Ronnie estaba contemplando las fotos enmarcadas que había en un estante, encima de una gran pantalla de televisión. Dos de ellas eran tomas de estudio de un niño muy guapo, una de cuando tenía alrededor de dos años y otra en la que parecía tener cinco. En ambas fotos el niño llevaba traje, camisa blanca y corbata. En la tercera foto, también de estudio, el niño posaba junto a su madre. Él, con americana y corbata, y ella, con un vestido negro clásico de escote en V y como única joya un collar de perlas colgado del cuello. La mujer era de una belleza deslumbrante, con el cabello de color… ¿qué color? Castaño dorado, quizás. Un cabello abundante y sedoso que cualquier mujer moriría por tener.
Ronnie tocó el marco cuidadosamente y dijo:
– Su familia es muy guapa.
– Mi niño -dijo Alí, sonriendo de verdad por primera vez-. Mi corazón, mi vida, mi pequeño Nicky.
– Su mujer debería salir en las películas -dijo Ronnie-, ¿no te parece, Bix?
– Ajá -dijo Bix, mirando apenas la foto.
Entonces la sonrisa de Alí se agrió, y dijo:
– Estamos en plena batalla de divorcio.
– Oh, lo siento -dijo Ronnie.
– No se preocupe -dijo Alí-. Voy a conseguir quitarle a mi hijo. Tengo el mejor abogado de divorcios de Los Ángeles.
Se despidieron, y cuando ya habían abandonado el club, Bix dijo:
– Bien, ¿y qué te parece Alí Aziz?
– No quisiera tener que trabajar para él -dijo ella.
– Ni se inmuta cuando habla con policías -dijo Bix.
– ¡Por favor! No se le mueve ni un pelo.
Mientras se subían al coche para dar por terminada la guardia, ella dijo:
– No nos dará problemas durante mucho tiempo. Ese tío está tan cargado de oro que probablemente algún día se ahogará en su propia piscina, si se adentra en los bajos fondos.
Y así habría acabado su tranquila guardia si de camino hacia la comisaría no hubiesen pasado por Sunset Boulevard. El tráfico no estaba tan mal aquella tarde, pero Sunset estaba atascado en Vine Street a causa de una baliza que había colocado un motorista, que confundía a la gente. Un coche patrulla que iba a toda velocidad hacia el norte de Vine Street llegó zumbando al semáforo de la esquina. Bix encendió la luz de la sirena y condujo en sentido contrario por el carril de dirección este, giró en Vine y allí estaba el gran choque.
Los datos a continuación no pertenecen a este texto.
Lemma class_unit_supp p q : Z p q != 0 -> supp p && supp q.
Proof.
case: p q => [b t] [b' u]; rewrite /class_unit /optens /=.
have [<-|] := eqVneq b b'; last by rewrite !mul0r eqxx.
have [->|] := eqVneq t r; last by rewrite mul0r mulr0 eqxx.
have [->|] := eqVneq u r'; last by rewrite !mulr0 eqxx.
have [/setP row_ba|] := eqVneq (row_supp b) (row_supp a); last by rewrite mulr0 mul0r eqxx.
by move=> _; move: (row_ba r) (row_ba r'); rewrite !inE supp_ar supp_ar' => -> ->.
Qed.

Lemma proj_chi_class_unit : opmul pi Z = Z /\ opmul Z pi = Z.
Proof.
split; apply: opext => p q; [rewrite proj_chi_mull | rewrite proj_chi_mulr];
  have [->|/class_unit_supp/andP[supp_p supp_q]] := eqVneq (Z p q) 0;
  by rewrite ?mulr0 ?mul0r ?supp_p ?supp_q ?mulr1 ?mul1r.
Qed.

Lemma class_unit_commute_tensl X :
    (forall b b', row_supp b != row_supp b' -> X b b' = 0) ->
  opmul (optens X idR) Z = opmul Z (optens X idR).
Proof.
move=> blockX; rewrite /class_unit !optensM opmul1l opmul1r; congr optens.
apply: opext => b b'; rewrite /opmul (big_only1 b') ?(big_only1 b) ?eqxx ?mul1r //.
- have [->|neq_bb'] := eqVneq (row_supp b) (row_supp b'); first by rewrite mulrC.
  by rewrite blockX // mul0r mulr0.
- by move=> c /negbTE neq_cb _; rewrite eq_sym neq_cb !mul0r.
- by move=> c /negbTE neq_cb' _; rewrite neq_cb' mul0r mulr0.
Qed.
Lemma exists_near_maximizer b0 (eps : R) : 0 < eps ->
  exists b, gap b <= eps /\ enorm (b - b0) <= Num.sqrt (2 * gap b0 / mu) + eps.
Proof.
move=> eps_gt0.
set rho := Num.sqrt (2 * gap b0 / mu).
have rho_ge0 : 0 <= rho := sqrtr_ge0 _.
(* the step h makes theta := 1 - L h / 2 so close to 1 that rho / theta <= rho + eps *)
have rho_eps_gt0 : 0 < rho + eps by lra.
set h := eps / (L * (rho + eps)).
have h_gt0 : 0 < h by rewrite divr_gt0 // mulr_gt0.
have Lh_eps : L * h * (rho + eps) = eps by rewrite /h; field; rewrite !gt_eqF.
have Lh_le1 : L * h <= 1 by nra.
set theta := 1 - L * h / 2.
have theta_rho : rho <= theta * (rho + eps) by rewrite /theta; nra.
have theta_gt0 : 0 < theta by have := theta_ge Lh_le1; rewrite -/theta; lra.
set c := 2 * mu * h * theta.
have c_gt0 : 0 < c by rewrite /c mulr_gt0 // mulr_gt0 // mulr_gt0.
have [K gap_lt] : exists K : nat, gap b0 < c * eps * K%:R.
  exists (Num.truncn (gap b0 / (c * eps))).+1.
  by rewrite mulrC -ltr_pdivrMr ?(mulr_gt0 c_gt0 eps_gt0) //; exact: truncnS_gt.
have K_gt0 : (0 < K)%N by case: K gap_lt => //; rewrite mulr0 ltNge gap_ge0.
exists (iter K (grad_ascent h) b0); split.
  have := ascent_gap_rate b0 h_gt0 Lh_le1 K; rewrite -/theta -/c => rate.
  have := gap_ge0 (iter K (grad_ascent h) b0).
  have cK_gt0 : 0 < c * K%:R by rewrite mulr_gt0 // ltr0n.
  by rewrite -(ler_pM2r cK_gt0); nra.
have := ascent_dist_le b0 h_gt0 Lh_le1 K; rewrite -/theta.
have -> : Num.sqrt (gap b0) = Num.sqrt (mu / 2) * rho.
  by rewrite -sqrtrM ?divr_ge0 ?ltW //; congr Num.sqrt; field; rewrite gt_eqF.
have s_gt0 : 0 < Num.sqrt (mu / 2) by rewrite sqrtr_gt0 divr_gt0.
rewrite mulrAC [_ * rho]mulrC ler_pM2r // => dist_le.
rewrite -(ler_pM2l theta_gt0); nra.
Qed.

End PolyakLojasiewicz.

Section StepSizeAlgebra.
Variable R : realType.

Lemma gap_contraction (G G' M s mu : R) : 0 < mu -> 0 < s <= 2 -> 0 <= M -> 0 <= G' ->
  G' <= G + M * Num.sqrt (2 * G' / mu) ->
  (1 - s) * G' <= (1 - s / 2) * G + M ^+ 2 / (s * mu).
Proof.
move=> mu_gt0 /andP[s_gt0 s_le2] M_ge0 G'_ge0.
set rho := Num.sqrt _; have rho_ge0 : 0 <= rho := sqrtr_ge0 _.
have G'E : G' = mu * rho ^+ 2 / 2.
  rewrite sqr_sqrtr; last by rewrite divr_ge0 ?mulr_ge0 // ltW.
  by field; rewrite gt_eqF.
have smu_gt0 : 0 < s * mu by rewrite mulr_gt0.
have ME : M ^+ 2 / (s * mu) * (s * mu) = M ^+ 2 by rewrite mulfVK ?gt_eqF.
move=> growth.
have dec : (1 - s / 2) * (G' - M * rho) <= (1 - s / 2) * G by rewrite ler_wpM2l; lra.
have amgm : M * rho <= s * mu * rho ^+ 2 / 4 + M ^+ 2 / (s * mu).
  rewrite -(ler_pM2r smu_gt0) mulrDl ME.
  by have := sqr_ge0 (s * mu * rho / 2 - M); nra.
have := mulr_ge0 (divr_ge0 (ltW s_gt0) (ler0n _ 2)) (mulr_ge0 M_ge0 rho_ge0).
by rewrite G'E in dec *; nra.
Qed.
Lemma in_Mn_regular_polygon : exists c u, regular_polygon n y c u.
Proof.
  set (th := 2 * PI / INR n).
  destruct (rot_sub_id_onto_plane th (edge n y 0)) as [u [Hu Hfix]];
    [apply cos_2PI_div_lt_1; lia | exact in_Mn_edge_planar |].
  exists (vsub (y 0%nat) u), u; split; [exact Hu |].
  assert (Hsmall : forall j, (j < n)%nat -> y j = vadd (vsub (y 0%nat) u) (rot (- (INR j * th)) u)).
  { induction j as [| j IH]; intro Hj.
    - replace (- (INR 0 * th)) with 0 by (simpl; ring); rewrite rot_0; v3_components; ring.
    - assert (Hy : y (S j) = vadd (y j) (edge n y j)).
      { unfold edge; rewrite !pos_small, Nat.add_1_r by lia; v3_components; ring. }
      rewrite Hy, IH, in_Mn_edge by lia.
      rewrite vadd_assoc, <- rot_vadd, Hfix, rot_rot, S_INR; unfold th; do 2 f_equal; ring. }
  intro j; unfold pos at 1; rewrite Hsmall by (apply Nat.mod_upper_bound; lia).
  assert (Hn0 : 0 < INR n) by (apply lt_0_INR; lia).
  rewrite <- (rot_period (- (INR j * th)) (j / n)); do 2 f_equal.
  assert (Hj : INR j = INR n * INR (j / n) + INR (j mod n))
    by (rewrite <- mult_INR, <- plus_INR; f_equal; apply Nat.div_mod_eq).
  rewrite Hj; unfold th; field; lra.
Qed.

End InMn.

Lemma regular_polygon_edge n y c u i : regular_polygon n y c u ->
  vnorm (edge n y i) = vnorm (vsub (rot (- (2 * PI / INR n)) u) u).
Proof.
  intros [_ Hp]; unfold edge; rewrite !Hp, vsub_vadd2l, plus_INR.
  replace (- ((INR i + INR 1) * (2 * PI / INR n)))
    with (- (INR i * (2 * PI / INR n)) + - (2 * PI / INR n)) by (simpl; ring).
  now rewrite <- rot_rot, <- rot_vsub, vnorm_rot.
Qed.

Lemma rsum0_const f K n : (forall i, f i = K) -> rsum0 f n = INR n * K.
Proof. intro H; induction n as [| n IH]; simpl rsum0; [simpl; ring |]; rewrite IH, H, S_INR; ring. Qed.

Lemma p_i_eq_pbar n rho y i : (1 < n)%nat -> in_Mn n y -> p_i n rho y i = pbar n rho y.
Proof.
  intros Hn HM; destruct (in_Mn_regular_polygon n y Hn HM) as [c [u Hpoly]].
  assert (Hp : forall j, p_i n rho y j = 1 - vnorm (vsub (rot (- (2 * PI / INR n)) u) u) / rho)
    by (intro j; unfold p_i; fold (edge n y j); now rewrite (regular_polygon_edge n y c u j Hpoly)).
  assert (Hn0 : 0 < INR n) by (apply lt_0_INR; lia).
  unfold pbar; rewrite (rsum0_const _ _ _ Hp), Hp, <- Rmult_assoc, Rinv_l, Rmult_1_l by lra.
  reflexivity.
Qed.

Lemma rsum1_ext f g N : (forall m, (1 <= m <= N)%nat -> f m = g m) -> rsum1 f N = rsum1 g N.
Proof.
  induction N as [| N IH]; intro H; simpl; [reflexivity |].
  rewrite IH by (intros; apply H; lia); rewrite H by lia; reflexivity.
Qed.

Lemma rsum1_mulr f c N : rsum1 (fun m => f m * c) N = rsum1 f N * c.
Proof. induction N as [| N IH]; simpl; [ring | rewrite IH; ring]. Qed.

Lemma vsum1_ext f g N : (forall m, (1 <= m <= N)%nat -> f m = g m) -> vsum1 f N = vsum1 g N.
Proof.
  induction N as [| N IH]; intro H; simpl; [reflexivity |].
  rewrite IH by (intros; apply H; lia); rewrite H by lia; reflexivity.
Qed.

Lemma vsum1_vscale f w N : vsum1 (fun m => vscale (f m) w) N = vscale (rsum1 f N) w.
Proof. induction N as [| N IH]; simpl; [| rewrite IH]; v3_components; ring. Qed.

Lemma beta_n_eq n : (1 < n)%nat -> beta_n n = 2 * sin (PI / INR n).
Proof.
  intro Hn; pose proof (sin_PI_div_pos n Hn).
  assert (Hn0 : 0 < INR n) by (apply lt_0_INR; lia).
  unfold beta_n; replace (2 * PI / INR n) with (2 * (PI / INR n)) by (field; lra).
  rewrite cos_2a_sin, <- sqrt_square by lra; f_equal; ring.
Qed.

Lemma C_c_eq n N k : (1 < n)%nat ->
  C_c n N k = 4 * rsum1 (fun m => k m * sin (INR m * PI / INR n)) N.
Proof.
  intro Hn; pose proof (sin_PI_div_pos n Hn).
  unfold C_c, Gamma_c, gamma_m; rewrite beta_n_eq by exact Hn.
  rewrite (rsum1_ext _ (fun m => k m * sin (INR m * PI / INR n) * / sin (PI / INR n)))
    by (intros; unfold Rdiv; ring).
  rewrite rsum1_mulr; field; lra.
Qed.

Lemma closed_loop_rhs_regular_polygon n N k s y c u j :
  (1 < n)%nat -> (N < n)%nat -> regular_polygon n y c u ->
  closed_loop_rhs n N k (fun m => INR m * PI / INR n + s) y j
  = vscale (C_c n N k * sin s) (vsub (pos n y j) c).
Proof.
  intros Hn HN Hpoly; destruct Hpoly as [Hu Hp].
  assert (Hn0 : 0 < INR n) by (apply lt_0_INR; lia).
  set (w := rot (- (INR j * (2 * PI / INR n))) u).
  assert (Hw : vz w = 0) by (unfold w; rewrite vz_rot; exact Hu).
  unfold closed_loop_rhs.
  rewrite (vsum1_ext _ (fun m => vscale (k m * sin (INR m * PI / INR n) * (-4 * sin s)) w)).
  - rewrite vsum1_vscale, rsum1_mulr, C_c_eq, Hp by exact Hn.
    fold w; v3_components; ring.
  - intros m Hm; rewrite !Hp, !vsub_vadd2l; fold w.
    replace (rot (- (INR (j + m) * (2 * PI / INR n))) u)
      with (rot (- (2 * (INR m * PI / INR n))) w)
      by (unfold w; rewrite rot_rot, plus_INR; f_equal; field; lra).
    replace (rot (- (INR (j + (n - m)) * (2 * PI / INR n))) u)
      with (rot (2 * (INR m * PI / INR n)) w).
    2: { unfold w; rewrite rot_rot; symmetry; rewrite <- (rot_period _ 1); f_equal.
         rewrite plus_INR, minus_INR by lia; simpl; field; lra. }
    rewrite rot_pair_planar by exact Hw; v3_components; ring.
Qed.
Lemma le_MQ (f : G -> R) w z : continuous f -> lcoset mul w Q z ->
  (`|f z|)%:E <= MQ mul mu Q f w.
Proof. by move=> cf wQz; apply: le_esssup_on => //; exact: (open_lcoset HG HQ). Qed.

Lemma le_MQR (f : G -> R) w z : continuous f -> rcoset mul Q w z ->
  (`|f z|)%:E <= MQR mul mu Q f w.
Proof. by move=> cf Qwz; apply: le_esssup_on => //; exact: (open_rcoset HG HQ). Qed.

Lemma MQ_ge0 (f : G -> R) w : continuous f -> 0 <= MQ mul mu Q f w.
Proof. by move=> cf; apply: le_trans (le_MQ cf (lcoset_refl HG HQ w)). Qed.

Lemma MQR_ge0 (f : G -> R) w : continuous f -> 0 <= MQR mul mu Q f w.
Proof. by move=> cf; apply: le_trans (le_MQR cf (rcoset_refl HG HQ w)). Qed.

End HaarMeasure.

Section NonnegativeIntegrals.
Context d (T : measurableType d) (R : realType) (mu : {measure set T -> \bar R}).
Local Open Scope ereal_scope.

(* Unlike [ge0_le_integral], no measurability is required: M_Q f is not known
   to be measurable. *)
Lemma le_ge0_integral (f g : T -> \bar R) : (forall x, 0 <= f x) -> (forall x, f x <= g x) ->
  \int[mu]_x f x <= \int[mu]_x g x.
Proof.
move=> f0 fg; have g0 x : 0 <= g x by apply: le_trans (fg x).
rewrite (ge0_integralTE mu f0) (ge0_integralTE mu g0) /=.
apply/ereal_supP => _ [h hf <-]; apply: ereal_sup_ubound; exists h => //.
by move=> x; apply: le_trans (fg x).
Qed.

Lemma integral_fsum_indic (I : choiceType) (X : set I) (c : I -> R) (U : I -> set T) :
  finite_set X -> (forall i, 0 <= c i)%R -> (forall i, measurable (U i)) ->
  \int[mu]_x (\sum_(i \in X) (c i)%:E * (\1_(U i) x)%:E) =
  \sum_(i \in X) (c i)%:E * mu (U i).
Proof.
move=> fX c0 mU; rewrite fsbig_finite //; under eq_integral do rewrite fsbig_finite //.
rewrite ge0_integral_sum // => [|i|i x _]; last by rewrite mule_ge0 ?lee_fin ?indicE.
- apply: eq_bigr => i _; rewrite ge0_integralZl_EFin ?integral_indic ?setIT //.
  by apply/measurable_EFinP; exact: measurable_indic.
- by apply: measurable_funeM; apply/measurable_EFinP; exact: measurable_indic.
Qed.

End NonnegativeIntegrals.

Lemma fsum_indic_overlap_le (R : realType) (T : Type) (I : choiceType) (X : set I) (a : I -> R)
    (U : I -> set T) (g : \bar R) (w : T) (r : R) :
  finite_set X -> 0 < r -> (forall i, 0 <= a i) -> (0 <= g)%E ->
  (forall i, U i w -> ((a i)%:E <= g)%E) ->
  \sum_(i \in X) ((w \in U i)%:R : R) <= r ->
  (\sum_(i \in X) (a i / r)%:E * (\1_(U i) w)%:E <= g)%E.
Proof.
move=> fX r0 a0 g0 ag count; case: g g0 ag => [g| |] //= g0 ag; last exact: leey.
under eq_fsbigr do rewrite -EFinM.
rewrite fsumEFin // lee_fin; apply: (@le_trans _ _ (\sum_(i \in X) g / r * ((w \in U i)%:R : R))).
  rewrite !fsbig_finite //; apply: ler_sum => i _; rewrite indicE.
  have [wU|] := boolP (w \in U i); last by rewrite !mulr0.
  by rewrite !mulr1 ler_pM2r ?invr_gt0 // -lee_fin; apply: ag; rewrite -inE.
rewrite -mulr_fsumr; apply: (@le_trans _ _ (g / r * r)); last by rewrite divfK ?lt0r_neq0.
by rewrite ler_wpM2l // divr_ge0 // ltW.
Qed.

Section RelativelySeparated.
Variables (R : realType) (G : ptopologicalType) (mul : G -> G -> G) (inv : G -> G) (e : G)
  (mu : {measure set (Borel G) -> \bar R}) (Q : set G) (I : choiceType) (lam : I -> G).
Hypotheses (HG : lcsc_group mul inv e) (HH : left_haar mul mu) (HQ : good_nbhd inv e Q)
  (Hrel : (rel_sep (R:=R) mul Q lam < +oo)%E).

Let r : R := fine (rel_sep mul Q lam).
Let m : R := fine (mu Q).

Lemma rel_sep_ge0 : (0 <= rel_sep (R:=R) mul Q lam)%E.
Proof.
apply: le_trans (ereal_sup_ubound _); last by exists e.
exact: esum_ge0.
Qed.

Lemma rel_sepE : rel_sep mul Q lam = r%:E.
Proof. by rewrite /r fineK // ge0_fin_numE // rel_sep_ge0. Qed.

Lemma fsum_lcoset_le_rel x (X : set I) (P : I -> bool) : finite_set X ->
  (forall i, X i -> P i -> lcoset mul x Q (lam i)) -> \sum_(i \in X) ((P i)%:R : R) <= r.
Proof.
move=> fX XP; rewrite -lee_fin -rel_sepE -fsumEFin //.
have -> : \sum_(i \in X) ((P i)%:R : R)%:E = \sum_(i \in X `&` [set i | P i]) (1%E : \bar R).
  rewrite fsbig_mkcondr; apply: eq_fsbigr => i _.
  by case: (boolP (P i)) => Pi; [rewrite mem_set | rewrite memNset //= (negbTE Pi)].
apply: le_trans (ereal_sup_ubound _); last by exists x.
apply: esum_ge; exists (X `&` [set i | P i]) => //; split; first exact: finite_setIl.
by move=> i [Xi /XP]; apply.
Qed.

Lemma rel_ge1 (i : I) : 1 <= r.
Proof.
have := @fsum_lcoset_le_rel (lam i) [set i] (fun j => j == i) (finite_set1 i).
by rewrite fsbig_set1 eqxx; apply => j _ /eqP ->; exact: (lcoset_refl HG HQ).
Qed.

Lemma measure_nbhd_fineK : m%:E = mu Q.
Proof. by rewrite /m fineK // (measure_nbhd_fin_num HH HQ). Qed.

Lemma esum_le_rel_integral (y : G) (a : I -> R) (g : G -> \bar R) :
  (forall i, 0 <= a i) -> (forall w, (0 <= g w)%E) ->
  (forall i w, lcoset mul (mul (inv y) (lam i)) Q w -> ((a i)%:E <= g w)%E) ->
  (\esum_(i in [set: I]) (a i)%:E <= (r / m)%:E * \int[mu]_w g w)%E.
Proof.
move=> a0 g0 ag; pose U i := lcoset mul (mul (inv y) (lam i)) Q.
have m0 : 0 < m by rewrite -lte_fin measure_nbhd_fineK (measure_nbhd_gt0 HH HQ).
have mU i : measurable (U i : set (Borel G)) by apply: open_measurable; exact: (open_lcoset HG HQ).
have count w (X : set I) : finite_set X -> \sum_(i \in X) ((w \in U i)%:R : R) <= r.
  move=> fX; apply: (@fsum_lcoset_le_rel (mul y w) X (fun i => w \in U i)) => // i _.
  move=> /set_mem /(lcoset_sym HG HQ).
  by move=> /(lcosetMl HG y); rewrite (mulKVg HG).
apply: ge_ereal_sup => _ [X [fX _] <-].
have [r0|r_le0] := ltrP 0 r; last first.
  rewrite fsbig1 => [|i _]; last by exfalso; have := rel_ge1 i; lra.
  have r_ge0 : 0 <= r by apply: fine_ge0; exact: rel_sep_ge0.
  by rewrite mule_ge0 ?integral_ge0 // lee_fin divr_ge0 // ltW.
have -> : (\sum_(i \in X) (a i)%:E = (r / m)%:E * \sum_(i \in X) (a i / r)%:E * mu (U i))%E.
  rewrite ge0_mule_fsumr => [|i]; last by rewrite mule_ge0 // lee_fin divr_ge0 // ltW.
  apply: eq_fsbigr => i _; rewrite (measure_lcoset HG HH HQ) -measure_nbhd_fineK -!EFinM.
  by congr EFin; field; rewrite !lt0r_neq0.
rewrite -integral_fsum_indic // => [|i]; last by rewrite divr_ge0 // ltW.
apply: lee_wpmul2l; first by rewrite lee_fin divr_ge0 // ltW.
apply: (le_ge0_integral mu) => w.
  by rewrite fsume_ge0 // => i _; rewrite mule_ge0 // lee_fin ?indicE // divr_ge0 // ltW.
apply: fsum_indic_overlap_le => //; last exact: count.
by move=> i /ag.
Qed.

Lemma esum_le_conv (Phi Psi : G -> R) : continuous Phi -> continuous Psi ->
  (forall x, 0 <= Phi x) -> (forall x, 0 <= Psi x) -> forall x y : G,
  (\esum_(i in [set: I]) (Phi (mul (inv (lam i)) x) * Psi (mul (inv y) (lam i)))%:E
   <= (r / m)%:E * haar_conv mul inv mu (MQ mul mu Q Psi) (MQR mul mu Q Phi) (mul (inv y) x))%E.
Proof.
move=> cPhi cPsi Phi0 Psi0 x y.
apply: (esum_le_rel_integral (y := y)
    (g := fun w => MQ mul mu Q Psi w * MQR mul mu Q Phi (mul (inv w) (mul (inv y) x)))%E)
  => [i|w|i w yiQw].
- by rewrite mulr_ge0.
- by apply: mule_ge0; [apply: (MQ_ge0 HG HH HQ) | apply: (MQR_ge0 HG HH HQ)].
rewrite mulrC EFinM; apply: lee_pmul; rewrite ?lee_fin //.
  by rewrite -(ger0_norm (Psi0 _)); apply: (le_MQ HG HH HQ cPsi); exact: (lcoset_sym HG HQ yiQw).
rewrite -(ger0_norm (Phi0 _)); apply: (le_MQR HG HH HQ cPhi).
have := lcoset_rcoset HG (mul (inv y) x) yiQw.
by rewrite (invMKg HG).
Qed.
– Tiene que haber ocurrido hace un momento -dijo Ronnie, mientras dos policías de la Guardia 3 corrían desde su tienda hacia un viejo Chevy Caprice aplastado que había dado más de una vuelta después de haber sido embestido de lado por un camión de remolque de dos toneladas. El camión, que conducía un muchacho con el teléfono móvil pegado a la oreja, se había saltado el semáforo en rojo cuando iba por el carril sur. El chico tenía el rostro herido y lleno de sangre, y estaba reclinado contra una puerta que, debido a la fuerza del impacto, había quedado doblada en dos como una cartera.